Il est près de deux heures. Je viens de laisser sur le fil d'un blog ami, François Périgny, quelques traces d'une réflexion sur ce qu'il en est de voir du côté de l'art. Cela dit, je ne saurais aller me coucher sans reprendre la lecture d'un passage d'un ouvrage récent du philosophe Alain Badiou "Métaphysique du bonheur réel": le chapitre III qui a pour titre " Pour être heureux faut-il changer le monde ? ". Chapitre que je vais commencer à retranscrire ici et que je poursuivrais au fil des jours jusqu'à son terme, en quelques séquences choisies qui, je l'espère, amèneront les quelques uns intéressés par ce thème à la curiosité d'y aller voir de plus près.
" Une grande tradition de la Sagesse immémoriale revient à dire que l'homme doit adapter ses désirs aux réalités, plutôt que de vouloir adapter les réalités à son désir.
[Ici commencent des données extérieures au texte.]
(* Let $\varepsilon>0$ be small, $x$ large, $0\le\theta\le\frac1{30}$, $\rho=\frac12(1-4\theta)-\varepsilon$, and $z_1\le x^{1/2}$. Let $$\mathcal{D}^{+,\mathrm{LIN}}=\{p_1\cdots p_r\le x^{\rho}:\ z_1\ge p_1>\dots>p_r,\ p_1\cdots p_{2k-2}p_{2k-1}^3\le x^{\rho}\text{ for all }k\ge1\}$$ ($p_i$ primes). Then for any $D\in[x^{1/5},x^{\rho}]$, every $d\in\mathcal{D}^{+,\mathrm{LIN}}$ can be written as $d=d_1d_2$ with positive integers $d_1,d_2$ satisfying $d_1\le D$ and $d_1d_2^2\le x^{1-4\theta-2\varepsilon^2}/D$; moreover one can take either $d_1\ge x^{0.1}$ or $d_2=1$.
   Context: Conditions in the definition of $\mathcal{D}^{+,\mathrm{LIN}}$ involving indices larger than $r$ are vacuous. *)

From HB Require Import structures.
From mathcomp Require Import all_boot all_order all_algebra.
From mathcomp Require Import all_classical all_reals all_analysis.
Set Implicit Arguments. Unset Strict Implicit. Unset Printing Implicit Defensive.
Import Order.TTheory GRing.Theory Num.Theory.
Local Open Scope ring_scope.

(* The list s = [p_1; ...; p_r]
   is 0-indexed, so p_{2k-1} = nth 0 s (2k-2); we write it with j = k-1. *)
Definition DLIN (R : realType) (x rho z1 : R) (d : nat) : Prop :=
  exists s : seq nat,
    all prime s /\
    sorted (fun m n : nat => (n < m)%N) s /\
    d = (\prod_(p <- s) p)%N /\
    (d%:R <= x `^ rho) /\
    (forall p, p \in s -> p%:R <= z1) /\
    (forall j : nat, (2 * j < size s)%N ->
       (((\prod_(p <- take (2 * j) s) p) * (nth 0%N s (2 * j)) ^ 3)%N)%:R
         <= x `^ rho).

(* Write d = p_1 ... p_r with p_1 > ... > p_r and P = x^rho.  The cube
   conditions p_1 ... p_(2k-2) p_(2k-1)^3 <= P say that d is well factorable:
   for any R1, R2 >= 1 with R1 R2 = P, the primes can be dealt out in
   consecutive pairs to two factors bounded by R1 and R2.  If p_(2k-1) goes to
   the first factor, p_(2k) joins it when it fits, and otherwise fits into the
   second one because p_(2k-1) p_(2k)^2 <= p_(2k-1)^3; dividing R1 R2 by
   p_(2k-1) p_(2k) then preserves the cube condition for the remaining primes.
   With R1 = D and R2 = P / D, and p_1 <= P^(1/3) <= D placed in the first
   factor, this gives d = d1 d2 with d1 <= D and d1 d2^2 <= D (P / D)^2.  If
   d1 < x^(1/10), all primes of d2 are below x^(1/10) and moving them to d1 one
   at a time brings d1 into [x^(1/10), x^(1/5)]; when d <= D one simply takes
   d2 = 1. *)

From HB Require Import structures.
From mathcomp Require Import all_boot all_order all_algebra.
From mathcomp Require Import all_classical all_reals all_analysis.
From mathcomp Require Import ring lra.

Set Implicit Arguments.
Unset Strict Implicit.
Unset Printing Implicit Defensive.
Import Order.TTheory GRing.Theory Num.Theory.
Local Open Scope ring_scope.

Section WellFactorable.
Variable R : realFieldType.
Implicit Types (l : seq nat) (P Q D T : R).

Definition cube_bounded Q l : Prop :=
  forall j : nat, (2 * j < size l)%N ->
    (((\prod_(p <- take (2 * j) l) p) * (nth 0%N l (2 * j)) ^ 3)%N)%:R <= Q.

Definition splits (R1 R2 : R) l : Prop :=
  exists lA lB : seq nat, [/\ perm_eq (lA ++ lB) l,
    (\prod_(p <- lA) p)%N%:R <= R1 & (\prod_(p <- lB) p)%N%:R <= R2].

Lemma prod_seq_gt0 l : all (fun p => 0 < p)%N l -> (0 < \prod_(p <- l) p)%N.
Proof. by move=> /allP l_gt0; rewrite big_seq prodn_cond_gt0. Qed.

Lemma cube_bounded_head Q a l : cube_bounded Q (a :: l) -> a%:R ^+ 3 <= Q.
Proof. by move=> /(_ 0%N isT); rewrite take0 big_nil mul1n natrX. Qed.

Lemma cube_bounded_behead2 Q a b l : (0 < a)%N -> (0 < b)%N ->
  cube_bounded Q [:: a, b & l] -> cube_bounded (Q / (a * b)%N%:R) l.
Proof.
move=> a_gt0 b_gt0 hQ j hj.
rewrite ler_pdivlMr ?ltr0n ?muln_gt0 ?a_gt0 //.
have := hQ j.+1; rewrite mulnS /= add0n => /(_ hj) hQj.
rewrite (le_trans _ hQj) // -natrM ler_nat !big_cons eq_leq //; ring.
Qed.

Lemma le_max_of_cube_le (a R1 R2 : R) : a ^+ 3 <= R1 * R2 ->
  1 <= a -> 0 <= R1 -> 0 <= R2 -> a <= R1 \/ a <= R2.
Proof.
move=> a3 a_ge1 R1_ge0 R2_ge0; case: (lerP a R1) => [|aR1]; [by left|right].
by rewrite leNgt; apply/negP => aR2; nra.
Qed.

Lemma le_of_cube_le_pair (a b R1 R2 : R) : a ^+ 3 <= R1 * R2 ->
  0 < b -> b <= a -> 0 <= R1 -> R1 < a * b -> b <= R2.
Proof.
move=> a3 b_gt0 ba R1_ge0 R1ab; rewrite leNgt; apply/negP => R2b.
have : a * b * b <= a ^+ 3 by rewrite !exprS expr0 mulr1; nra.
have : R1 * R2 <= R1 * b by rewrite ler_wpM2l // ltW.
have : R1 * b < a * b * b by rewrite ltr_pM2r.
lra.
Qed.

Lemma splits_nil (R1 R2 : R) : 1 <= R1 -> 1 <= R2 -> splits R1 R2 [::].
Proof. by exists [::], [::]; rewrite !big_nil. Qed.

Lemma splits_sym (R1 R2 : R) l : splits R1 R2 l -> splits R2 R1 l.
Proof. by case=> lA [lB [perm_l hA hB]]; exists lB, lA; rewrite perm_catC. Qed.

Lemma splits_cons (R1 R2 : R) a l : (0 < a)%N ->
  splits (R1 / a%:R) R2 l -> splits R1 R2 (a :: l).
Proof.
move=> a_gt0 [lA [lB [perm_l hA hB]]]; exists (a :: lA), lB; split => //.
  by rewrite /= perm_cons.
by rewrite big_cons natrM mulrC -ler_pdivlMr ?ltr0n.
Qed.

Lemma splits_with_head (R1 R2 : R) a l :
  (forall R1' R2' : R, 1 <= R1' -> 1 <= R2' ->
     all (fun p => 0 < p)%N (behead l) -> sorted geq (behead l) ->
     cube_bounded (R1' * R2') (behead l) -> splits R1' R2' (behead l)) ->
  (0 < a)%N -> all (fun p => 0 < p)%N l -> sorted geq (a :: l) ->
  a%:R <= R1 -> 1 <= R2 -> cube_bounded (R1 * R2) (a :: l) ->
  splits (R1 / a%:R) R2 l.
Proof.
move=> split_tail a_gt0 + + aR1 R2_ge1 hQ.
have a_pos : 0 < a%:R :> R by rewrite ltr0n.
have R1a_ge1 : 1 <= R1 / a%:R by rewrite ler_pdivlMr ?mul1r.
case: l split_tail hQ => [|b l] /= split_tail hQ; first by move=> *; exact: splits_nil.
case/andP=> b_gt0 l_gt0 /andP[ba /path_sorted sorted_l].
have b_pos : 0 < b%:R :> R by rewrite ltr0n.
have tail_bound R1' R2' : R1' * R2' = R1 * R2 / (a * b)%N%:R -> 1 <= R1' -> 1 <= R2' ->
    splits R1' R2' l.
  move=> R12 R1'_ge1 R2'_ge1; apply: split_tail => //.
  by rewrite R12; exact: cube_bounded_behead2.
have [abR1 | R1ab] := lerP (a%:R * b%:R) R1.
  apply: splits_cons => //; apply: tail_bound => //.
    by rewrite natrM invfM; ring.
  by rewrite !ler_pdivlMr ?mul1r 1?mulrC.
have bR2 : b%:R <= R2.
  by apply: (le_of_cube_le_pair (cube_bounded_head hQ)); rewrite ?ler_nat //; lra.
apply/splits_sym/splits_cons => //; apply/splits_sym/tail_bound => //.
  by rewrite natrM invfM; ring.
by rewrite ler_pdivlMr ?mul1r.
Qed.

Lemma cube_bounded_splits (R1 R2 : R) l : 1 <= R1 -> 1 <= R2 ->
  all (fun p => 0 < p)%N l -> sorted geq l -> cube_bounded (R1 * R2) l ->
  splits R1 R2 l.
Proof.
have [n] := ubnP (size l); elim: n => // n IH in l R1 R2 *.
case: l => [|a l] /= size_l R1_ge1 R2_ge1; first by move=> *; exact: splits_nil.
case/andP=> a_gt0 l_gt0 sorted_al hQ.
have split_tail R1' R2' : 1 <= R1' -> 1 <= R2' ->
    all (fun p => 0 < p)%N (behead l) -> sorted geq (behead l) ->
    cube_bounded (R1' * R2') (behead l) -> splits R1' R2' (behead l).
  by apply: IH; rewrite size_behead (leq_ltn_trans (leq_pred _)).
have a_ge1 : 1 <= a%:R :> R by rewrite ler1n.
have [aR1 | aR2] := le_max_of_cube_le (cube_bounded_head hQ) a_ge1
  (le_trans ler01 R1_ge1) (le_trans ler01 R2_ge1).
  by apply: splits_cons => //; exact: splits_with_head.
apply/splits_sym/splits_cons => //; apply: splits_with_head => //.
by rewrite mulrC.
Qed.

Lemma prefix_crossing T (c : nat) L : c%:R < T -> (forall q, q \in L -> q%:R < T) ->
  T <= ((c * \prod_(p <- L) p)%N)%:R ->
  exists L1 L2, [/\ L = L1 ++ L2, T <= ((c * \prod_(p <- L1) p)%N)%:R
                   & ((c * \prod_(p <- L1) p)%N)%:R < T ^+ 2].
Proof.
elim: L c => [|q L IH] c cT L_lt; first by rewrite big_nil muln1 leNgt cT.
have qT : q%:R < T by rewrite L_lt ?mem_head.
rewrite big_cons mulnA => T_le.
have [Tcq | cqT] := lerP T ((c * q)%N)%:R.
  exists [:: q], L; split => //; rewrite big_seq1 // natrM.
  by have := ler0n R c; have := ler0n R q; nra.
have L_lt' r : r \in L -> r%:R < T by move=> rL; rewrite L_lt // inE rL orbT.
have [L1 [L2 [-> TcL1 cL1T]]] := IH _ cqT L_lt' T_le.
by exists (q :: L1), L2; rewrite big_cons mulnA.
Qed.

Definition balanced_factorization P D T (d : nat) : Prop :=
  exists d1 d2 : nat, [/\ d = (d1 * d2)%N, d1%:R <= D,
    ((d1 * d2 ^ 2)%N)%:R <= P ^+ 2 / D & T <= d1%:R \/ d2 = 1%N].

Lemma balanced_factorization_mul P D T (d1 d2 : nat) : 0 < D ->
  d1%:R <= D -> d2%:R <= P / D -> ((d1 * d2)%N)%:R <= P ->
  T <= d1%:R \/ d2 = 1%N -> balanced_factorization P D T (d1 * d2)%N.
Proof.
move=> D_gt0 d1D d2PD d12P hT; exists d1, d2; split => //.
have d2D : d2%:R * D <= P by rewrite -ler_pdivlMr.
rewrite ler_pdivlMr // expnS expn1 mulnA natrM -mulrA expr2.
by apply: ler_pM => //; rewrite mulr_ge0 // ltW.
Qed.

Lemma balanced_factorization_lift P D T (c : nat) L :
  all (fun p => 0 < p)%N L -> (forall q, q \in L -> q <= c)%N -> c%:R < T ->
  1 <= T -> T ^+ 2 <= D -> D < ((c * \prod_(p <- L) p)%N)%:R ->
  (\prod_(p <- L) p)%N%:R <= P / D -> ((c * \prod_(p <- L) p)%N)%:R <= P ->
  balanced_factorization P D T (c * \prod_(p <- L) p)%N.
Proof.
move=> L_gt0 L_le cT T_ge1 TD Dd LPD dP.
have L_lt q : q \in L -> q%:R < T by move=> /L_le qc; apply: le_lt_trans cT; rewrite ler_nat.
have TT : T <= T ^+ 2 by rewrite expr2; nra.
have [L1 [L2 [L_eq TcL1 cL1T]]] := prefix_crossing cT L_lt
  (le_trans TT (le_trans TD (ltW Dd))).
move: L_gt0 LPD dP; rewrite L_eq big_cat mulnA all_cat => /andP[L1_gt0 _] LPD dP.
have D_gt0 : 0 < D by apply: lt_le_trans TD; rewrite expr2; nra.
apply: balanced_factorization_mul => //; last by left.
  exact: le_trans (ltW cL1T) TD.
by apply: le_trans LPD; rewrite ler_nat leq_pmull ?prod_seq_gt0.
Qed.

Lemma cube_bounded_balanced P D T l :
  all (fun p => 0 < p)%N l -> sorted geq l -> 1 <= T -> T ^+ 2 <= D -> D <= P ->
  P <= D ^+ 3 -> (\prod_(p <- l) p)%N%:R <= P -> cube_bounded P l ->
  balanced_factorization P D T (\prod_(p <- l) p)%N.
Proof.
move=> l_gt0 sorted_l T_ge1 TD DP PD dP hQ.
have D_ge1 : 1 <= D := le_trans (exprn_ege1 2 T_ge1) TD.
have D_gt0 : 0 < D := lt_le_trans ltr01 D_ge1.
have PD_ge1 : 1 <= P / D by rewrite ler_pdivlMr ?mul1r.
have [dD | Dd] := lerP (\prod_(p <- l) p)%N%:R D.
  rewrite -[X in balanced_factorization _ _ _ X]muln1.
  by apply: balanced_factorization_mul; rewrite ?muln1 //; right.
case: l l_gt0 sorted_l dP hQ Dd => [|p l]; first by rewrite big_nil => *; lra.
move=> /= /andP[p_gt0 l_gt0] sorted_pl dP hQ Dd.
have pD : p%:R <= D.
  rewrite -(ler_pXn2r (_ : 0 < 3)%N) ?nnegrE ?(ltW D_gt0) //.
  exact: le_trans (cube_bounded_head hQ) PD.
have [lA [lB [perm_l lA_le lB_le]]] : splits (D / p%:R) (P / D) l.
  apply: splits_with_head => //; last by rewrite mulrC divfK ?gt_eqF.
  by move=> *; exact: cube_bounded_splits.
have lB_le_p q : q \in lB -> (q <= p)%N.
  move=> q_lB; apply: (allP (order_path_min (rev_trans leq_trans) sorted_pl)).
  by rewrite -(perm_mem perm_l) mem_cat q_lB orbT.
have /andP[lA_gt0 lB_gt0] : all (fun p => 0 < p)%N lA && all (fun p => 0 < p)%N lB.
  by rewrite -all_cat (perm_all _ perm_l).
set c := (p * \prod_(q <- lA) q)%N.
have d_eq : (\prod_(q <- p :: l) q = c * \prod_(q <- lB) q)%N.
  by rewrite big_cons -(perm_big _ perm_l) big_cat mulnA.
have cD : c%:R <= D by rewrite natrM mulrC -ler_pdivlMr ?ltr0n.
rewrite d_eq in dP Dd *.
have [Tc | cT] := lerP T c%:R; first by apply: balanced_factorization_mul => //; left.
apply: balanced_factorization_lift => // q /lB_le_p /leq_trans; apply.
by rewrite leq_pmulr // prod_seq_gt0.
Qed.

End WellFactorable.

Theorem lemma9 (R : realType) :
  exists eps0 : R, 0 < eps0 /\
  forall eps : R, 0 < eps -> eps < eps0 ->
  exists x0 : R, forall (x theta z1 D : R) (d : nat),
    x0 <= x ->
    0 <= theta -> theta <= 1 / 30 ->
    z1 <= x `^ (1 / 2) ->
    let rho := (1 - 4 * theta) / 2 - eps in
    x `^ (1 / 5) <= D -> D <= x `^ rho ->
    DLIN x rho z1 d ->
    exists d1 d2 : nat,
      (0 < d1)%N /\ (0 < d2)%N /\ d = (d1 * d2)%N /\
      d1%:R <= D /\
      ((d1 * d2 ^ 2)%N)%:R <= x `^ (1 - 4 * theta - 2 * eps ^+ 2) / D /\
      (x `^ (1 / 10) <= d1%:R \/ d2 = 1%N).
Proof.
exists 1; split => // eps eps_gt0 eps_lt1; exists 1.
move=> x theta z1 D d x_ge1 theta_ge0 theta_le _ rho xD Dx.
case=> s [s_prime [s_sorted [-> [dP [_ hQ]]]]].
have powR_nat (a : R) (n : nat) : x `^ (a * n%:R) = x `^ a ^+ n.
  by rewrite powRrM powR_mulrn ?powR_ge0.
have T_ge1 : 1 <= x `^ (1 / 10) by rewrite -[leLHS](powRr0 x) ler_powR.
have TD : x `^ (1 / 10) ^+ 2 <= D.
  by rewrite -powR_nat (_ : 1 / 10 * 2%:R = 1 / 5) //; field.
have D_ge0 : 0 <= D := le_trans (powR_ge0 _ _) xD.
have PD : x `^ rho <= D ^+ 3.
  apply: le_trans (_ : x `^ (1 / 5 * 3%:R) <= _).
    by rewrite ler_powR // /rho; lra.
  by rewrite powR_nat lerXn2r ?nnegrE ?powR_ge0.
have P2 : x `^ rho ^+ 2 <= x `^ (1 - 4 * theta - 2 * eps ^+ 2).
  by rewrite -powR_nat ler_powR // /rho; nra.
have s_gt0 : all (fun p => 0 < p)%N s.
  by apply: sub_all s_prime => p /prime_gt0.
have [d1 [d2 [d_eq d1D d12 d1T]]] := cube_bounded_balanced s_gt0
  (sub_sorted (fun m n => @ltnW n m) s_sorted) T_ge1 TD Dx PD dP hQ.
have := prod_seq_gt0 s_gt0; rewrite d_eq muln_gt0 => /andP[d1_gt0 d2_gt0].
exists d1, d2; do 5 split => //.
by apply: le_trans d12 _; rewrite ler_wpM2r // invr_ge0.
Qed.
" Dans cette vision, il y a comme un fatum du réel, et le bonheur le plus élevé dont l'humanité est capable réside dans l'acceptation sereine de l'inévitable.
" La philosophie stoïcienne à donné forme à cette "sagesse" constamment dominante, y compris aujourd'hui, où elle se dit ainsi : le petit bonheur domestique, consommateur, connecté et vacancier, que le capitalisme et sa "démocratie" offrent aux citoyens privilégiés de l'Occident n'est peut-être pas exceptionnellement intense, mais désirer autre chose - le communisme, par exemple - conduit invariablement au pire.
" Dans cette propagande, les "réalités", économiques pour l'essentiel, nous imposent la propriété privée et la concentration du Capital comme le Destin auquel doivent se plier tous nos désirs.
" Quand Saint-Just, en pleine Révolution française, écrit que " le bonheur est une idée neuve en Europe", c'est à une tout autre vision des choses qu'il appelle le sujet humain. La Révolution doit déraciner le vieux monde, et établir un lien essentiel entre la vertu (dont le contraire est la corruption, ressource invariable du pouvoir des riches) et le bonheur.
" C'est dire qu'un changement total du monde, une émancipation de l'humanité tout entière au regard des formes oligarchiques qui la dominent invariablement, depuis l'esclavagisme antique jusqu'au capitalisme impérial, est la condition préalable pour qu'un bonheur réel puisse être une possibilité vitale offerte à tous. "
Voilà pour l'ouverture. Les prochaines séquences porteront le questionnement sur trois mots : un nom (monde), un verbe (changer), un adverbe interrogatif (comment).